Solders make the electrical interconnect and bumps for electronic packaging. They are categorized into (1) lead-containing solder or (2) lead-free solder due to the concern over health hazards. An example of lead-containing solder is eutectic tin-lead (63% Sn and 37% Pb); while an example of lead-free solder is SAC (96.5% Sn, 3% Ag, 0.5% Cu) [7]. The piezoelectric inkjet printer was successfully used to generate jets and droplets from molten solder. The SolderJet [7] produces solder droplets with a size ranging from 20 μ m–125 μ m at a rate of 1000 droplets per second.

3.2. Insulator Materials

The insulator layer is needed to make a passivation coating over or under an electrode. It also makes a dielectric layer in a capacitor. Few printed dielectric material can sustain a high electrical breakdown field due to air voids and material inhomogeneity. The solution of dielectric pre-polymer or pre-cursors, which was developed for spin coating, can be diluted for printing, provided they do not clog the nozzle of the print head. An example of a printable insulator [6] is based on polyketone resin dissolved by 12% by weight in a solvent mixture of 50% ethyl lactate and 50% α -terpineol. The 10-layer printed polyketone (with a total thickness of 40 μ m) can withstand 700 V (i.e., 700 V/40 μ m = 17.5 MV/m). Other printable soft dielectrics are silicone elastomer that comes in two-part pre-prepolymer liquids, which were mixed and diluted for spray coating [23].
Other traditional liquid dielectric, such as spin-on-glass (Filmtronic 500 FX, Butler, PA, USA) [6], may cause the clogging of the nozzles, though they can be diluted to have the viscosity and solid content suitable for printing. To have a very thin and high-performance dielectric layer, a traditional deposition method like spin coating is still preferred to the printing method. For example, poly-4-vinylphenol (PVP) [21] was spin-coated and cross-linked at 220 to make a 0.3 μ m-thick dielectric layer over a gated electrode of an electrostatic field-effect switch.

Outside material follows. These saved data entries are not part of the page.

(* Let $R$ be a $*$-ring. The following are equivalent: (1) ${\rm psr}(R)=1$. (2) For any $a,b\in R$ with $aR+bR=R$ there exists a projection $p$ such that $a+bp$ is right invertible. (3) For any $a,b\in R$ with $aR+bR=R$ there exists a projection $p$ such that $a+bp$ is left invertible.
   Context: A $*$-ring is a ring with identity with an involution $*$. A projection is $p$ with $p^2=p=p^*$. ${\rm psr}(R)=1$ means: for any $a,b\in R$ with $aR+bR=R$ there is a projection $p$ such that $a+bp$ is a unit. *)

From mathcomp Require Import all_boot all_algebra.
Set Implicit Arguments. Unset Strict Implicit. Unset Printing Implicit Defensive.
Import GRing.Theory.
Local Open Scope ring_scope.

Definition is_involution (R : pzRingType) (star : R -> R) : Prop :=
  [/\ forall a b : R, star (a + b) = star a + star b,
      forall a b : R, star (a * b) = star b * star a
    & forall a : R, star (star a) = a].

Definition is_projection (R : pzRingType) (star : R -> R) (p : R) : Prop :=
  p * p = p /\ p = star p.

Definition right_comaximal (R : pzRingType) (a b : R) : Prop :=
  forall r : R, exists x y : R, a * x + b * y = r.

Definition is_unit_elt (R : pzRingType) (u : R) : Prop :=
  exists v : R, u * v = 1 /\ v * u = 1.
Definition right_invertible (R : pzRingType) (u : R) : Prop :=
  exists v : R, u * v = 1.
Definition left_invertible (R : pzRingType) (u : R) : Prop :=
  exists v : R, v * u = 1.

Definition psr_one (R : pzRingType) (star : R -> R) : Prop :=
  forall a b : R, right_comaximal a b ->
    exists p : R, is_projection star p /\ is_unit_elt (a + b * p).

From mathcomp Require Import all_boot all_algebra.
Local Open Scope ring_scope.
Import GRing.Theory.

(* Each of the one-sided conditions forces R to be Dedekind-finite
   (uv = 1 implies vu = 1), and in a Dedekind-finite ring one-sided inverses
   are two-sided.  Neither the involution nor the projection property of p
   plays any role, so the lemmas are stated for an arbitrary predicate P. *)

Definition dedekind_finite (R : pzRingType) : Prop :=
  forall u v : R, u * v = 1 -> v * u = 1.

Section OneSidedStableRange.

Variables (R : pzRingType) (P : R -> Prop).

Lemma unit_right_invertible (u : R) : is_unit_elt u -> right_invertible u.
Proof. by move=> [v [uv _]]; exists v. Qed.

Lemma unit_left_invertible (u : R) : is_unit_elt u -> left_invertible u.
Proof. by move=> [v [_ vu]]; exists v. Qed.

Lemma dedekind_finite_right_invertible_unit (u : R) :
  dedekind_finite R -> right_invertible u -> is_unit_elt u.
Proof. by move=> dfR [v uv]; exists v; split; last exact: dfR. Qed.

Lemma dedekind_finite_left_invertible_unit (u : R) :
  dedekind_finite R -> left_invertible u -> is_unit_elt u.
Proof. by move=> dfR [v vu]; exists v; split; first exact: dfR. Qed.

(* Given uv = 1, apply the hypothesis to the comaximal pair (v, 1 - vu):
   c := v + (1 - vu) p satisfies uc = 1, so a right inverse w of c must be u,
   and then c = v. *)
Lemma right_stable_range_dedekind_finite :
  (forall a b : R, right_comaximal a b ->
     exists p, P p /\ right_invertible (a + b * p)) ->
  dedekind_finite R.
Proof.
move=> srR u v uv.
have comax : right_comaximal v (1 - v * u).
  move=> r; exists (u * r), r.
  by rewrite mulrA mulrBl mul1r addrC subrK.
have [p [_ [w cw]]] := srR _ _ comax.
set c := v + (1 - v * u) * p in cw.
have uc : u * c = 1.
  by rewrite /c mulrDr uv mulrA mulrBr mulr1 mulrA uv mul1r subrr mul0r addr0.
have wu : w = u by rewrite -[w]mul1r -uc -mulrA cw mulr1.
have cv : c = v by rewrite -[v]mul1r -cw wu -mulrA uv mulr1.
by rewrite -cv -{1}wu.
Qed.

(* Given vu = 1, the pair (v, 0) is comaximal, so v itself is left invertible;
   its left inverse must be u. *)
Lemma left_stable_range_dedekind_finite :
  (forall a b : R, right_comaximal a b ->
     exists p, P p /\ left_invertible (a + b * p)) ->
  dedekind_finite R.
Proof.
move=> srR v u vu.
have comax : right_comaximal v 0.
  by move=> r; exists (u * r), 0; rewrite mulrA vu mul1r mul0r addr0.
have [p [_ [w wv]]] := srR _ _ comax.
rewrite mul0r addr0 in wv.
have wu : w = u by rewrite -[w]mulr1 -vu mulrA wv mul1r.
by rewrite -wu.
Qed.

End OneSidedStableRange.

Theorem proposition4p2 (R : pzRingType) (star : R -> R)
  (Hstar : is_involution star) :
  (psr_one star <->
     (forall a b : R, right_comaximal a b ->
        exists p : R, is_projection star p /\ right_invertible (a + b * p))) /\
  (psr_one star <->
     (forall a b : R, right_comaximal a b ->
        exists p : R, is_projection star p /\ left_invertible (a + b * p))).
Proof.
split; split=> srR a b comax.
- have [p [pp unit_abp]] := srR a b comax.
  by exists p; split; last exact: unit_right_invertible.
- have [p [pp rinv_abp]] := srR a b comax.
  exists p; split=> //; apply: dedekind_finite_right_invertible_unit rinv_abp.
  exact: right_stable_range_dedekind_finite srR.
- have [p [pp unit_abp]] := srR a b comax.
  by exists p; split; last exact: unit_left_invertible.
- have [p [pp linv_abp]] := srR a b comax.
  exists p; split=> //; apply: dedekind_finite_left_invertible_unit linv_abp.
  exact: left_stable_range_dedekind_finite srR.
Qed.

3.3. Sacrificial Materials

A sacrificial layer is needed to temporarily support a structural layer printed. Removal of the sacrificial layer will release the structural layer for deformable movement. There are not many choices of sacrificial material due to the need to withstand higher substrate heating and to be dissolvable by solvent. Poly-methyl-methacrylate (PMMA) was chosen as the sacrificial material to temporarily support a metallic micro-cantilever because it can withstand 300 of heating for sintering of the printed metallic inks. A PMMA layer is prepared by spin coating or draw casting of a solution containing PMMA solid (50% by weight) [6] or liquid pre-polymers of crosslinkable PMMA. Solvent removal by heating and evaporation from the liquid film yield a solid layer of PMMA. Complete removal of the PMMA sacrificial layer is done by immersion in an acetone bath with light sonication. Selective removal [21] is done by printing acetone over the PMMA patch, for example at the anchor, where metal inks are to be printed. Yet, selective removal of PMMA by printed acetone yields a crater-like hole for metallic anchoring [21].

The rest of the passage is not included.